ARTICLE XXVII. PARKING: Lessor shall license vehicle parking spaces to Lessee 
and Lessee's business on the following terms and conditions.

       Lessor shall provide three (3) vehicular parking spaces as exclusive 
parking spaces ("Reserved Spaces") for Lessee and its employees in the enclosed 
parking garage portion of the Office Complex. This license is for reserved 
Spaces in the general parking area to be designated and redesignated from time 
to time by Lessor; provided, however, Lessor may require Lessee to park in a 
specific location. Lessor shall not be liable to Lessee for the failure of any 
of its tenants, invitees, employees, agents or customers or any third parties 
to comply with the designation of the Reserved Spaces.

       Lessor shall provide nine (9) vehicular parking spaces on an unreserved
basis ("Unreserved Spaces") for Lessee and its employees in the enclosed parking
garage portion of the Office Complex. This license is for unreserved Spaces in
the general parking area to be designated and redesignated from time to time by
Lessor; provided, however, Lessor may require Lessee to park in a specific
location. Lessor shall not be liable to Lessee for the failure of any of its
tenants, invitees, employees, agents or customers or any third parties to comply
with the designation of the Unreserved Spaces.

       Lessee agrees to pay as a monthly fee for such license of parking spaces 
Lessor's then current fee for each Reserved Space and Unreserved Space 
licensed, payable on or before the first day of each month in advance, which 
monthly fee may be changed by Lessor as of the first day of any month by giving 
not less than thirty (30) days written notice thereof to the Lessee. The charge 
for each Reserved Space shall be Sixty Dollars and 00/100ths ($60.00) per month 
per space and the charge for each Unreserved Space shall be Forty Dollars and 
00/100ths ($40.00) per month, per space. Such charges shall not be increased 
during the initial term of the Lease. All other charges related to parking 
(such as charges for parking garage access devices and name plates for Reserved 
Spaces) shall be paid for by Lessee upon receipt of invoice from Lessor.

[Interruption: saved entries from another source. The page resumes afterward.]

(* (gdrs_u j : gdrs_w j) are homogeneous coordinates of the point of the
   projective line indexing column j; the last column is the point (1 : 0). *)
Definition gdrs_u j : F := if (j < #|F|)%N then nth 0 (gdrs_points F) j else 1.
Definition gdrs_w j : F := if (j < #|F|)%N then 1 else 0.

Definition gdrs_det j t : F := gdrs_u j * gdrs_w t - gdrs_u t * gdrs_w j.

Definition gdrs_dual T j : F := \prod_(t in T) gdrs_det j t.

Definition gdrs_ratio j1 j2 t : F := gdrs_det j1 t / gdrs_det j2 t.

Lemma uniq_gdrs_points : uniq (gdrs_points F).
Proof.
rewrite /gdrs_points cat_uniq filter_uniq ?enum_uniq //= orbF andbT.
by rewrite mem_filter eqxx.
Qed.

Lemma size_gdrs_points : size (gdrs_points F) = #|F|.
Proof.
rewrite -(card_uniqP uniq_gdrs_points); apply: eq_card => x.
rewrite /gdrs_points mem_cat mem_filter mem_enum inE /= andbT inE.
by case: eqP.
Qed.

Lemma gdrs_det_eq0 j t : (gdrs_det j t == 0) = (j == t).
Proof.
have [<-|njt] := eqVneq j t; first by rewrite /gdrs_det subrr eqxx.
apply/negbTE; move: njt; rewrite /gdrs_det /gdrs_u /gdrs_w.
case: (ltnP j #|F|) => hj; case: (ltnP t #|F|) => ht njt.
- by rewrite !mulr1 subr_eq0 nth_uniq ?size_gdrs_points ?uniq_gdrs_points.
- by rewrite mulr0 mul1r sub0r oppr_eq0 oner_eq0.
- by rewrite mulr0 mulr1 subr0 oner_eq0.
- have lastE (k : 'I_n) : (#|F| <= k)%N -> k = ord_max :> 'I_n.
    by move=> hk; apply/val_inj/eqP; rewrite /= eqn_leq hk -ltnS ltn_ord.
  by rewrite (lastE j) // (lastE t) // eqxx in njt.
Qed.
Lemma irredp_dvd_coefM p u v : irreducible_poly p ->
  (forall j, p %| (u * v)`_j) -> (forall j, p %| u`_j) \/ (forall j, p %| v`_j).
Proof.
move=> irr_p puv; apply: NNPP => /not_or_and[/not_all_ex_not[i0 /negP pui0]].
move=> /not_all_ex_not[n0 /negP pvn0].
have [i pui imin] := ex_minnP (ex_intro (fun i => ~~ (p %| u`_i)) i0 pui0).
have [n pvn nmin] := ex_minnP (ex_intro (fun n => ~~ (p %| v`_n)) n0 pvn0).
have := puv (i + n)%N; rewrite coefM (bigD1 (Ordinal (ltn_addr n (ltnSn i)))) //= addKn.
rewrite dvdp_addl ?Gauss_dvdpl ?irreducible_poly_coprime ?(negbTE pui) //.
apply: (big_ind (dvdp p)) => [||[j jn] /= neij]; [exact: dvdp0 | exact: dvdp_add |].
have nji : j != i := neij.
case: (ltnP j i) => [ji | ij].
  by apply/dvdp_mulr/negPn/negP => /imin; lia.
by apply/dvdp_mull/negPn/negP => /nmin; lia.
Qed.

Lemma coef_divpK p w : (forall j, p %| w`_j) -> w = p%:P * map_poly (fun c => c %/ p) w.
Proof.
by move=> pw; apply/polyP => j; rewrite coefCM coef_map_id0 ?div0p // divpKC.
Qed.

Lemma factor_sep u v W Z : u * v = W%:P * Z^:P -> W != 0 -> Z != 0 ->
  exists a b, u = a%:P * b^:P.
Proof.
elim: {W}(size W) {-2}W (leqnn (size W)) u v => [|n IH] W sW u v e W0 Z0.
  by move: sW; rewrite leqn0 size_poly_eq0 (negbTE W0).
have [W1 | /irreducible_factor[p irr_p pW]] := leqP (size W) 1.
  have eW := size1_polyC W1; set c := W`_0 in eW.
  have /factor_map_polyC[|b ->] : u * v = (c *: Z)^:P.
    by rewrite e eW linearZ /= -mul_polyC.
    by rewrite scaler_eq0 negb_or -polyC_eq0 -eW W0.
  by exists 1, b; rewrite mul1r.
have p0 : p != 0 := irredp_neq0 irr_p.
have eW : W%:P * Z^:P = p%:P * ((W %/ p)%:P * Z^:P).
  by rewrite mulrA -polyCM [p * _]mulrC divpK.
have W'0 : W %/ p != 0 by apply: contra_neq W0 => Wp0; rewrite -(divpK pW) Wp0 mul0r.
have sW' : (size (W %/ p)%R <= n)%N.
  case: irr_p => sp _; move: sW sp; rewrite size_divp //.
  by move: (size W) (size p) => sW sp; lia.
have puv j : p %| (u * v)`_j by rewrite e eW coefCM dvdp_mulIl.
have pC0 : p%:P != 0 by rewrite polyC_eq0.
case: (irredp_dvd_coefM irr_p puv) => [/coef_divpK eu | /coef_divpK ev].
  have [|a [b eab]] := IH _ sW' (map_poly (fun c => c %/ p) u) v _ W'0 Z0.
    by apply: (mulfI pC0); rewrite mulrA -eu e eW.
  by exists (p * a), b; rewrite eu eab polyCM mulrA.
apply: (IH _ sW' u (map_poly (fun c => c %/ p) v)) => //.
by apply: (mulfI pC0); rewrite mulrCA -ev e eW.
Qed.

Lemma sep_eq_scalel a b X Y : a%:P * b^:P = X%:P * Y^:P -> X != 0 -> Y != 0 ->
  exists2 c, c != 0 & a = c *: X.
Proof.
move=> e X0 Y0; set j := (size Y).-1.
have Yj : Y`_j != 0 by rewrite -lead_coefE lead_coef_eq0.
have ej : a * (b`_j)%:P = X * (Y`_j)%:P by rewrite -!coef_sep e.
have bj : b`_j != 0.
  apply/eqP => bj0; move/eqP: ej.
  by rewrite bj0 mulr0 eq_sym mulf_eq0 polyC_eq0 (negbTE X0) (negbTE Yj).
exists (Y`_j / b`_j); first by rewrite mulf_neq0 ?invr_eq0.
by rewrite -[a]mulr1 -polyC1 -(mulfV bj) polyCM mulrA ej -mulrA -polyCM mulrC mul_polyC.
Qed.

Lemma sep_eq_scaler a b X Y : a%:P * b^:P = X%:P * Y^:P -> X != 0 -> Y != 0 ->
  exists2 d, d != 0 & b = d *: Y.
Proof.
move=> e X0 Y0; apply: (sep_eq_scalel (b := a)) Y0 X0.
by rewrite -(swapXY_sep a) -(swapXY_sep X) e.
Qed.

Lemma size_sep a b : a != 0 -> size (a%:P * b^:P) = size b.
Proof. by move=> a0; rewrite size_Cmul ?polyC_eq0 // size_map_polyC. Qed.

Lemma degx_sep a b : a != 0 -> b != 0 -> degx (a%:P * b^:P) = (size a).-1.
Proof.
move=> a0 b0; rewrite /degx size_sep //.
have size_coef j : size (a%:P * b^:P)`_j = if b`_j == 0 then 0%N else size a.
  rewrite coef_sep mulrC mul_polyC.
  by case: eqP => [->|/eqP bj]; rewrite ?scale0r ?size_poly0 ?size_scale.
apply/eqP; rewrite eqn_leq; apply/andP; split.
  by apply/bigmax_leqP => j _; rewrite size_coef; case: ifP.
have sb : ((size b).-1 < size b)%N by rewrite prednK // size_poly_gt0.
apply: leq_trans (leq_bigmax_cond (Ordinal sb) isT); rewrite /= size_coef.
by rewrite -lead_coefE lead_coef_eq0 (negbTE b0).
Qed.
Lemma halfline_mass_digit (y : R) : irrational_in01 y ->
  halfline_mass y * K%:R = (digits_lt B (digit N y))%:R
    + (is_digit B (digit N y))%:R * halfline_mass (shift N y).
Proof.
move=> yI; have /andP[lo hi] := mul_digit_itv N_gt1 yI; set a := digit N y in lo hi *.
have sum_indicator (P : pred 'I_N) :
    \sum_(d < N | B d) (P d)%:R = #|[pred d | B d && P d]|%:R :> R.
  rewrite (eq_bigr (fun d => if P d then 1 else 0)) => [|d _]; last by case: (P d).
  by rewrite -big_mkcondr sumr_const.
rewrite halfline_mass_rec (eq_bigr (fun d : 'I_N =>
  ((d : nat) < a)%N%:R + ((d : nat) == a)%:R * halfline_mass (shift N y))) => [|d _].
  by rewrite big_split /= -mulr_suml !sum_indicator card_digit_eq.
case: ltngtP => [da|ad|->]; rewrite ?mul0r ?addr0 ?mul1r ?add0r //.
- apply: halfline_mass_ge1; move: da; rewrite -(ler_nat R) -natr1 => da; lra.
- apply: halfline_mass_le0; move: ad; rewrite -(ler_nat R) -natr1 => ad; lra.
Qed.

Lemma cantor_cdfE (x : R) : 0 <= x -> cantor_cdf mu x = halfline_mass x.
Proof.
move=> x0; have splitE : `]-oo, x]%classic = `[0, x]%classic `|` `]-oo, 0[%classic.
  apply/seteqP; split => z; rewrite /= !in_itv /=.
    by move=> zx; case: (leP 0 z) => z0; [left; rewrite zx|right].
  by case=> [/andP[_ //]|/ltW/le_trans]; apply.
rewrite /cantor_cdf /halfline_mass splitE measureU //; last first.
  apply/seteqP; split => z //; rewrite /= !in_itv /= => -[/andP[z0 _]].
  by move/(le_lt_trans z0); rewrite ltxx.
rewrite [X in (_ + X)%E](_ : _ = 0%E) ?adde0 //.
have mass0 : mu `]-oo, 0]%classic = 0%E by rewrite halfline_massE halfline_mass_le0.
apply/le_anti; rewrite measure_ge0 andbT -mass0 le_measure ?inE //.
by apply: subitvPr; rewrite bnd_simp.
Qed.
Lemma orthonormal_Qmat (G : 'M[R]_p) x K :
  orthonormal G x K -> (Qmat x K)^T *m G *m Qmat x K = 1%:M.
Proof.
move=> onx; apply/matrixP => i j.
have -> : ((Qmat x K)^T *m G *m Qmat x K) i j = bform G (x i.+1) (x j.+1).
  rewrite /bform -(col_Qmat x i) -(col_Qmat x j) tr_col -row_mul !mxE.
  by apply: eq_bigr => l _; rewrite !mxE.
by rewrite onx ?ltn_ord // mxE.
Qed.

End ColumnMatrices.

Lemma posdef_galerkin (R : rcfType) (n k : nat)
    (S G : 'M[R]_n) (Q : 'M[R]_(n, k)) (T : 'M[R]_k) :
  posdef S -> Q^T *m G *m Q = 1%:M -> S *m Q = G *m Q *m T -> posdef T.
Proof.
move=> pS QGQ SQ x x_neq0.
have Qx_neq0 : Q *m x != 0.
  by apply: contra x_neq0 => /eqP Qx0; rewrite -(mul1mx x) -QGQ -mulmxA Qx0 mulmx0.
have -> : T = Q^T *m S *m Q by rewrite -mulmxA SQ !mulmxA QGQ mul1mx.
by move: (pS _ Qx_neq0); rewrite /qf trmx_mul !mulmxA.
Qed.

Section NsCRAIG.
Variables (R : rcfType) (m n : nat).
Variables (M : 'M[R]_m) (A : 'M[R]_(m, n)) (C N : 'M[R]_n) (b : 'cV[R]_n).
Variables (ustar : 'cV[R]_m) (pstar : 'cV[R]_n).
Variables (q r s t ghat g : nat -> 'cV[R]_n) (w v : nat -> 'cV[R]_m).
Variables (alpha beta : nat -> R) (h : nat -> nat -> R) (K : nat).

Hypotheses (K_gt0 : (1 <= K)%N) (pdM : posdef M) (rankA : \rank A = n)
  (psdC : possemidef C) (b_neq0 : b != 0) (symN : N^T = N) (pdN : posdef N).
Hypotheses (saddle1 : M *m ustar + A *m pstar = 0)
  (saddle2 : A^T *m ustar - C *m pstar = b).
Hypotheses (beta1E : beta 1%N = Gnorm (invmx N) b)
  (q1E : q 1%N = (beta 1%N)^-1 *: (invmx N *m b))
  (r1E : r 1%N = q 1%N) (w1E : w 1%N = invmx M *m A *m q 1%N).
Hypotheses (sE : forall j, (1 <= j <= K)%N -> s j = C *m r j)
  (alphaE : forall j, (1 <= j <= K)%N ->
     alpha j = Num.sqrt (qf M (w j) + ((r j)^T *m s j) 0 0))
  (vE : forall j, (1 <= j <= K)%N -> v j = (alpha j)^-1 *: w j)
  (tE : forall j, (1 <= j <= K)%N -> t j = (alpha j)^-1 *: s j)
  (ghatE : forall j, (1 <= j <= K)%N -> ghat j = invmx N *m (A^T *m v j + t j))
  (hE : forall j i, (1 <= j <= K)%N -> (1 <= i <= j)%N ->
     h j i = ((q i)^T *m N *m ghat j) 0 0)
  (gE : forall j, (1 <= j <= K)%N -> g j = ghat j - \sum_(1 <= i < j.+1) h j i *: q i)
  (betaSE : forall j, (1 <= j <= K)%N -> beta j.+1 = Gnorm N (g j)).
Hypotheses (betaS_neq0 : forall j, (1 <= j < K)%N -> beta j.+1 != 0)
  (qSE : forall j, (1 <= j < K)%N -> q j.+1 = (beta j.+1)^-1 *: g j)
  (wSE : forall j, (1 <= j < K)%N -> w j.+1 = invmx M *m A *m q j.+1 - beta j.+1 *: v j)
  (rSE : forall j, (1 <= j < K)%N -> r j.+1 = q j.+1 - (beta j.+1 / alpha j) *: r j).
(* Consider a connectivity graph $G=(V,E)$ with source $s$, a set $R$ of $n$ relay nodes, and a terminal node $t$, and let $p'$ be the probability that two given nodes of $G$ are joined by an edge. Let $0\le k\le n$, let $(V_k,\overline{V}_k)$ be any partition of $R$ with $|V_k|=k$ and $|\overline V_k|=n-k$, and let $C_k$ be the capacity of the corresponding $s$-$t$-cut. Then for every $0<\epsilon<1$, $$\Pr\big[C_k\le (1-\epsilon)\,\mathbf{E}[C_k]\big]\;\le\;\exp\!\Big(-\Big(\frac{\epsilon^2 (n-k)\,p'}{2}-\ln(k+1)\Big)\Big).$$
   Context: Quasi random geometric graph: fix reals $0\le r<r'\le 1$ and $p\in[0,1]$. Nodes are placed independently and uniformly at random in $[0,1]^2$. For two nodes $u,v$ with Euclidean distance $d(u,v)$: $(u,v)\in E$ if $d(u,v)\le r$; $(u,v)\notin E$ if $d(u,v)>r'$; and $(u,v)\in E$ with probability $p$ if $r<d(u,v)\le r'$. The graph is undirected. Connectivity graph: $V=\{s\}\cup R\cup T$, where $s$ is a source node, $R$ is a set of $n$ relay nodes and $T$ is a set of terminal nodes, and the graph is a quasi random geometric graph on $V$, except that the source is never joined directly to a terminal (every message passes through at least one relay). The source only sends and the terminals only receive. Edge capacities are $C_{ij}=1$ if $(i,j)\in E$ and $C_{ij}=0$ otherwise, with $C_{ij}=C_{ji}$. The connection probability $p'$ is the probability that two given nodes are joined by an edge; it is the same for every pair of nodes that may be joined. Standing assumption: for each fixed vertex $i$, the indicators $\{C_{ij}\}_{j\neq i}$ are mutually independent Bernoulli($p'$) random variables. $s$-$t$-cut of size $k$: for a terminal $t\in T$, a partition $R=V_k\cup\overline V_k$ with $V_k\cap\overline V_k=\emptyset$, $|V_k|=k$ and $|\overline V_k|=n-k$. The sets $\{s\}\cup V_k$ and $\overline V_k\cup\{t\}$ are the two sides of the cut. Its capacity is $$C_k=\sum_{i\in\overline V_k}C_{si}+\sum_{j\in V_k}\sum_{i\in\overline V_k}C_{ji}+\sum_{j\in V_k}C_{jt}.$$ *)

From mathcomp Require Import all_boot.
From Stdlib Require Import Reals.
Set Implicit Arguments.
Unset Strict Implicit.
Unset Printing Implicit Defensive.

(* Vertices of the connectivity graph with n relays and m terminals:
   None = the source s, Some (inl i) = relay i, Some (inr j) = terminal j. *)
Definition vertex (n m : nat) : finType := option ('I_n + 'I_m)%type.
Definition src {n m : nat} : vertex n m := None.
Definition relay {n m : nat} (i : 'I_n) : vertex n m := Some (inl i).
Definition term {n m : nat} (j : 'I_m) : vertex n m := Some (inr j).

Definition is_term {n m : nat} (v : vertex n m) : bool :=
  if v is Some (inr _) then true else false.

(* Pairs of distinct nodes that may be joined by an edge:
   the source is never joined directly to a terminal. *)
Definition joinable {n m : nat} (u v : vertex n m) : bool :=
  [&& u != v, ~~ ((u == src) && is_term v) & ~~ ((v == src) && is_term u)].

Definition is_prob {Omega : finType} (P : Omega -> R) : Prop :=
  (forall w, (0 <= P w)%R) /\ \big[Rplus/0%R]_(w : Omega) P w = 1%R.

Definition Pr {Omega : finType} (P : Omega -> R) (A : Omega -> bool) : R :=
  \big[Rplus/0%R]_(w : Omega | A w) P w.

Definition Ex {Omega : finType} (P : Omega -> R) (X : Omega -> R) : R :=
  \big[Rplus/0%R]_(w : Omega) (P w * X w)%R.

Definition b2R (b : bool) : R := if b then 1%R else 0%R.

(* Standing assumption: for each vertex i, the indicators C i j (j ranging
   over the nodes that may be joined to i) are mutually independent
   Bernoulli(p') random variables. *)
Definition indep_bernoulli {Omega : finType} {n m : nat} (P : Omega -> R)
    (C : vertex n m -> vertex n m -> Omega -> bool) (p' : R) : Prop :=
  forall (i : vertex n m) (S : {set vertex n m}) (b : vertex n m -> bool),
    (forall j, j \in S -> joinable i j) ->
    Pr P (fun w => [forall j in S, C i j w == b j]) =
    \big[Rmult/1%R]_(j in S) (if b j then p' else (1 - p')%R).

(* Capacity of the s-t-cut with sides {s} ∪ Vk and (R \ Vk) ∪ {t}. *)
Definition cut_capacity {Omega : finType} {n m : nat}
    (C : vertex n m -> vertex n m -> Omega -> bool)
    (Vk : {set 'I_n}) (t : 'I_m) (w : Omega) : nat :=
  (\sum_(i in ~: Vk) C src (relay i) w
   + \sum_(j in Vk) \sum_(i in ~: Vk) C (relay j) (relay i) w
   + \sum_(j in Vk) C (relay j) (term t) w)%N.

Definition Rleb (x y : R) : bool := if Rle_dec x y then true else false.

From mathcomp Require Import all_boot.
From Stdlib Require Import Reals.
From HB Require Import structures.
From Stdlib Require Import Lra Psatz.

Set Implicit Arguments.
Unset Strict Implicit.

(* The capacity C_k of the cut (V_k, R \ V_k) is a sum of k+1 "star sums",
   one for each vertex v on the source side (the source and the relays of
   V_k): the number of edges from v to its neighbours on the far side.  Each
   star sum counts edges at a single vertex towards distinct joinable nodes,
   so by the standing independence assumption it is a sum of N independent
   Bernoulli(p') indicators, with N = n-k for the source and N = n-k+1 for a
   relay (which may also reach the terminal).
   1. A product-moment identity for such indicators (star_moment) gives the
      mean N p' and the factorial moment E[prod (1 - eps C)] = (1 - eps p')^N.
   2. Markov's inequality for prod (1 - eps C) = (1 - eps)^X yields the
      Chernoff lower tail Pr[X <= (1-eps) N p'] <= exp(-eps^2 N p'/2).
   3. If C_k <= (1-eps) E[C_k], then by linearity of expectation some star
      sum is at most (1-eps) times its mean; the union bound over the k+1
      stars, each bounded by exp(-eps^2 (n-k) p'/2), gives the theorem. *)

(* Real addition is a commutative monoid, so the generic bigop lemmas apply
   to sums of reals. *)
Lemma Rplus_associative : associative Rplus.
Proof. by move=> x y z; ring. Qed.
HB.instance Definition _ :=
  Monoid.isComLaw.Build R 0%R Rplus Rplus_associative Rplus_comm Rplus_0_l.

Definition star_sum {Omega : finType} {n m : nat}
    (C : vertex n m -> vertex n m -> Omega -> bool) (v : vertex n m)
    (s : seq (vertex n m)) (w : Omega) : nat :=
  \sum_(u <- s) C v u w.

Section CutStars.
Variables (n m : nat) (Vk : {set 'I_n}) (t : 'I_m).

Definition far_relays : seq (vertex n m) := [seq relay i | i <- enum (~: Vk)].

Definition cut_centers : seq (vertex n m) := src :: [seq relay j | j <- enum Vk].

Definition cut_leaves (v : vertex n m) : seq (vertex n m) :=
  if v == src then far_relays else term t :: far_relays.

Lemma cut_capacity_stars (Omega : finType) (C : vertex n m -> vertex n m -> Omega -> bool) w :
  cut_capacity C Vk t w = (\sum_(v <- cut_centers) star_sum C v (cut_leaves v) w)%N.
Proof.
rewrite /cut_capacity big_cons big_map /cut_leaves eqxx /star_sum /far_relays big_map.
rewrite big_enum -addnA; congr addn; rewrite big_enum -big_split /=.
by apply: eq_bigr => j _; rewrite big_cons big_map big_enum addnC.
Qed.

Lemma size_cut_centers : size cut_centers = (#|Vk|).+1.
Proof. by rewrite /= size_map cardE. Qed.

Lemma size_cut_leaves (v : vertex n m) : (n - #|Vk| <= size (cut_leaves v)).
Proof.
have sz : size far_relays = n - #|Vk|.
  by rewrite size_map -cardE [#|~: Vk|]cardsCs setCK card_ord.
by rewrite /cut_leaves; case: ifP; rewrite /= sz.
Qed.

Lemma cut_leaves_uniq (v : vertex n m) : uniq (cut_leaves v).
Proof.
have uniq_far : uniq far_relays by rewrite map_inj_uniq ?enum_uniq // => i j [].
by rewrite /cut_leaves; case: ifP => //= _; rewrite uniq_far andbT; apply/mapP => -[].
Qed.

Lemma cut_leaves_joinable (v : vertex n m) :
  v \in cut_centers -> forall u, u \in cut_leaves v -> joinable v u.
Proof.
rewrite in_cons => /orP [/eqP -> | /mapP [j jV ->]] u.
  by rewrite /cut_leaves eqxx => /mapP [i _ ->].
rewrite /cut_leaves /= in_cons => /orP [/eqP -> // | /mapP [i iV ->]].
rewrite /joinable /= andbT; apply/eqP => -[ji]; move: iV.
by rewrite mem_enum in_setC -ji -(mem_enum (mem Vk)) jV.
Qed.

       Only vehicles designated by Lessee to Lessor may be parked or stored 
therein; provided, however, that Lessee may change its automobile designations 
at any time upon written notice to Lessor or for temporary use upon 
notification given to the garage attendant, if any. No more than one automobile 
per space licensed hereunder shall be parked or stored under Lessee's rights 
hereunder at any one time.

       This license is for self-service storage or parking only and does not 
include the rights to any additional services, which services may be made 
available by Lessor from time to time at an additional charge.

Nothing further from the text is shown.